I am trying to be brave in all of this. Brave in all of the things I just don’t know about motherhood and babies and toddlers and children (eek!). Brave in knowing when to ask for help. Brave in coming to God and my husband and my son to ask for forgiveness when needed. Brave in admitting when I am wrong. Brave in the unknown.
There is true comfort in knowing that all of my trials were crafted for me by my Maker to teach me something – something about discipleship or mothering or depending on God alone or… well anything – because God has been teaching me a lot lately…

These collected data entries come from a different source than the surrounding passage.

(* Let $\Pi$ and $\Pi'$ be $n$-dimensional linear spaces, both satisfying the exchange axiom and the axiom (P2), and let $0<k<n-1$. Then every injection of $\mathcal{G}_{k}(\Pi)$ to $\mathcal{G}_{k}(\Pi')$ sending base subsets to base subsets is adjacency preserving, i.e. it sends any two adjacent elements of $\mathcal{G}_k(\Pi)$ to adjacent elements of $\mathcal{G}_k(\Pi')$.
   Context: A linear space $\Pi=(P,\mathcal{L})$ is a set $P$ of points with a family $\mathcal{L}$ of proper subsets (lines) such that each line has at least two points and any two distinct points $p,q$ lie on exactly one line $pq$. A subspace is a set $S\subset P$ with $pq\subset S$ for all distinct $p,q\in S$; $\overline{X}$ is the smallest subspace containing $X$. A set $X$ is independent if $\overline{X}$ is not spanned by a proper subset of $X$; a base of a subspace $S$ is an independent set spanning $S$. A subspace is $m$-dimensional if $m+1$ is the smallest number of points spanning it. Exchange axiom: for every $X\subset P$ and $p_1,p_2\in P\setminus\overline{X}$, $p_2\in\overline{X\cup\{p_1\}}$ implies $p_1\in\overline{X\cup\{p_2\}}$. Axiom (P2): every line contains at least three points. $\mathcal{G}_k(\Pi)$ is the set of $k$-dimensional subspaces; two elements of $\mathcal{G}_k(\Pi)$ are adjacent if their intersection is $(k-1)$-dimensional. For a base $B$ of $\Pi$, the base subset of $\mathcal{G}_k(\Pi)$ associated with $B$ is the set of all $k$-dimensional subspaces spanned by points of $B$. *)

(* Point sets are predicates [P -> Prop]; lines form a family
   [L : (P -> Prop) -> Prop]. Set equality is Leibniz equality of predicates
   (extensional via functional/propositional extensionality). *)
From Stdlib Require Import List.
Set Implicit Arguments.

Section LinearSpaces.
Variable P : Type.
Variable L : (P -> Prop) -> Prop.

Definition subset (A B : P -> Prop) : Prop := forall x, A x -> B x.

Definition linear_space : Prop :=
  (forall l, L l -> exists x, ~ l x) /\
  (forall l, L l -> exists p q, p <> q /\ l p /\ l q) /\
  (forall p q, p <> q -> exists l, L l /\ l p /\ l q /\
      forall l', L l' -> l' p -> l' q -> l' = l).

Definition subspace (S : P -> Prop) : Prop :=
  forall p q, p <> q -> S p -> S q ->
    forall l, L l -> l p -> l q -> subset l S.

Definition closure (X : P -> Prop) : P -> Prop :=
  fun x => forall S, subspace S -> subset X S -> S x.

Definition set_of_list (s : list P) : P -> Prop := fun x => In x s.

Definition spanned_by_card (k : nat) (S : P -> Prop) : Prop :=
  exists s : list P, NoDup s /\ length s = k /\ closure (set_of_list s) = S.

Definition dim (S : P -> Prop) (m : nat) : Prop :=
  subspace S /\ spanned_by_card (Datatypes.S m) S /\
  (forall j, j < Datatypes.S m -> ~ spanned_by_card j S).

Definition Grass (k : nat) (S : P -> Prop) : Prop := dim S k.

Definition adjacent (k : nat) (S T : P -> Prop) : Prop :=
  Grass k S /\ Grass k T /\ dim (fun x => S x /\ T x) (pred k).

Definition exchange_axiom : Prop :=
  forall (X : P -> Prop) p1 p2,
    ~ closure X p1 -> ~ closure X p2 ->
    closure (fun x => X x \/ x = p1) p2 ->
    closure (fun x => X x \/ x = p2) p1.

Definition axiom_P2 : Prop :=
  forall l, L l -> exists p q r, l p /\ l q /\ l r /\ p <> q /\ p <> r /\ q <> r.

Definition independent (X : P -> Prop) : Prop :=
  ~ exists Y, subset Y X /\ (exists x, X x /\ ~ Y x) /\ closure Y = closure X.

Definition base (B : P -> Prop) : Prop :=
  independent B /\ closure B = (fun _ => True).

Definition base_subset (k : nat) (B : P -> Prop) : (P -> Prop) -> Prop :=
  fun S => Grass k S /\ exists Y, subset Y B /\ closure Y = S.

Definition ndim (n : nat) : Prop := dim (fun _ => True) n.
End LinearSpaces.

(* Fix a base B = (p_0, ..., p_n) of Π.  Its base subset is mapped onto the base subset of a
   base B' of Π', so f induces a bijection g of the (k+1)-subsets of {0, ..., n}.  For i <> j let
   C(i,j) be the family of (k+1)-sets containing i but not j.  By (P2) the line p_i p_j has a
   third point c, and replacing p_i by c yields a base whose base subset shares with that of B
   exactly the spans of the sets outside C(i,j).  Unless g maps C(i,j) onto some C(i',j'), every
   point of B' is cut out by images of such shared spans, so the new base has the same image
   base as B; f being injective, both bases of Π then have the same base subset, which is absurd
   since c is not in B.  Now two (k+1)-sets S, T lie together in |S ∩ T| (n + 1 - |S ∪ T|) of the
   families C(i,j), a number g cannot decrease; for |S ∩ T| = k it is k (n - k - 1), and since
   m (n + 1 - 2 (k + 1) + m) increases with m, g preserves |S ∩ T| = k.  Adjacent subspaces are
   spanned by such S and T in a suitable base. *)

From Stdlib Require Import List.
From Stdlib Require FinFun.
From mathcomp Require Import all_boot fingroup perm zify boolp.

Set Implicit Arguments.
Unset Strict Implicit.
Unset Printing Implicit Defensive.

Lemma InP (T : eqType) (x : T) (s : seq T) : reflect (In x s) (x \in s).
Proof.
elim: s => [|y s IH] /=; first by right.
rewrite in_cons; apply: (iffP orP) => [[/eqP ->|/IH]|[->|/IH]]; by [left|right].
Qed.

Lemma uniq_NoDup (T : eqType) (s : seq T) : uniq s -> NoDup s.
Proof.
elim: s => [|y s IH] /=; first by constructor.
by case/andP => ys us; constructor; [apply/InP | apply: IH].
Qed.

Lemma exists_card_between (T : finType) (A B : {set T}) m :
  A \subset B -> #|A| <= m <= #|B| -> exists J : {set T}, [/\ #|J| = m, A \subset J & J \subset B].
Proof.
move=> AB /andP [Am mB].
have /card_geqP [s [us ss sBA]] : m - #|A| <= #|B :\: A| by rewrite cardsDS //; lia.
have As : A :&: [set x in s] = set0.
  by apply/setP => x /[!inE]; apply/negP => /andP [xA /sBA] /[!inE]; rewrite xA.
exists (A :|: [set x in s]); split.
- by rewrite cardsU As cards0 cardsE (card_uniqP us); lia.
- exact: subsetUl.
- by rewrite subUset AB; apply/subsetP => x /[!inE] /sBA /[!inE] /andP [].
Qed.

Section Cuts.
Variables N K : nat.
Implicit Types (i j : 'I_N) (J S T : {set 'I_N}).

Definition cut i j := [set J : {set 'I_N} | [&& #|J| == K, i \in J & j \notin J]].

Lemma notin_cut i j J : #|J| = K -> (J \notin cut i j) = (i \in J) ==> (j \in J).
Proof. by move=> cJ; rewrite inE cJ eqxx /=; case: (i \in J); case: (j \in J). Qed.

Lemma card_cut_le i j i' j' : i != j -> i' != j' -> #|cut i j| <= #|cut i' j'|.
Proof.
move=> ij ij'; set a := tperm i i' j.
pose s := (tperm i i' * tperm a j')%g; have sinj : injective s := @perm_inj _ s.
have si : s i = i'.
  rewrite permM tpermL tpermD //; last by rewrite eq_sym.
  by rewrite /a -{2}(tpermL i i') (inj_eq perm_inj) eq_sym.
have sj : s j = j' by rewrite permM tpermL.
rewrite -(card_imset _ (imset_inj sinj)).
apply/subset_leq_card/subsetP => _ /imsetP [J /[!inE] /and3P [/eqP cJ iJ jJ] ->].
by rewrite card_imset // cJ eqxx -si -sj !(mem_imset _ _ sinj) iJ jJ.
Qed.

Hypothesis K_gt1 : 1 < K.
Hypothesis KN : K + 2 <= N.

Lemma exists_in_cut i j x y : i != j -> x != j -> y != i -> x != y ->
  exists2 J, J \in cut i j & (x \in J) && (y \notin J).
Proof.
move=> ij xj yi xy.
have AB : [set i; x] \subset ~: [set j; y].
  by apply/subsetP => z /[!inE] /orP [] /eqP ->; rewrite negb_or ?ij ?xj ?xy // eq_sym yi.
have [|J [cJ AJ JB]] := exists_card_between (m := K) AB.
  have c2 (a b : 'I_N) : #|[set a; b]| <= 2 by rewrite cards2; case: (_ != _).
  have := cardsC [set j; y]; have := c2 i x; have := c2 j y; rewrite card_ord; lia.
have out z : z \in [set j; y] -> z \notin J.
  by move=> zjy; apply/negP => /(subsetP JB); rewrite inE zjy.
have inJ z : z \in [set i; x] -> z \in J by apply: (subsetP AJ).
exists J; first by rewrite !inE cJ eqxx inJ ?out // !inE eqxx ?orbT.
by rewrite inJ ?out // !inE eqxx ?orbT.
Qed.

Lemma cut_inj i j i' j' : i != j -> i' != j' -> cut i j = cut i' j' -> i = i' /\ j = j'.
Proof.
move=> ij ij' E.
have ii' : i = i'.
  apply/eqP; apply: contraT => ii'.
  have [|J] := exists_in_cut (x := i) (y := i') ij ij _ ii'; first by rewrite eq_sym.
  by rewrite E !inE => /and3P [_ -> _] /andP [].
subst i'; split => //; apply/eqP; apply: contraT => jj'.
have [|||J] := exists_in_cut (x := j') (y := j) ij; try by rewrite eq_sym.
by rewrite E !inE => /and3P [_ _ /negP] + /andP [].
Qed.

Definition cut_pairs S T :=
  [set p : 'I_N * 'I_N | [&& p.1 != p.2, S \in cut p.1 p.2 & T \in cut p.1 p.2]].

Lemma card_cut_pairs S T : #|S| = K -> #|T| = K ->
  #|cut_pairs S T| = #|S :&: T| * (N - #|S :|: T|).
Proof.
move=> cS cT; have -> : cut_pairs S T = setX (S :&: T) (~: (S :|: T)).
  apply/setP => -[a b]; rewrite !inE /= cS cT eqxx /=.
  case: (eqVneq a b) => [->|_]; first by case: (b \in S); case: (b \in T).
  by case: (a \in S); case: (a \in T); case: (b \in S); case: (b \in T).
by rewrite cardsX [#|~: _|]cardsCs setCK card_ord.
Qed.

Lemma card_cut_image S T : #|[set cut p.1 p.2 | p in cut_pairs S T]| = #|cut_pairs S T|.
Proof.
apply: card_in_imset => -[a b] [c d] /[!inE] /and3P [/= ab _ _] /and3P [/= cd _ _].
by case/(cut_inj ab cd) => -> ->.
Qed.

So 38 weeks looks a little different than I thought it would… It looks like more joy than I ever imagined possible and a hope for the future that penetrates every facet of our lives. It looks like giggles and slobbery open mouthed smooches from a darling little boy. It looks like tears because of being put down and tears because of hunger and tears because of having another diaper change and tears that don’t really have a name. Its nap time cuddles and the sweet smell of the top of my son’s head. Its the sigh that comes with finally coming downstairs after putting the baby down for bedtime and crawling into my husband’s arms. It looks like the pile of laundry that never stops existing – or growing for that matter. Its more prayer and more time on my knees before Jesus. Its little decisions and big decisions and a lot of in between. Its absolutely wonderful… truly.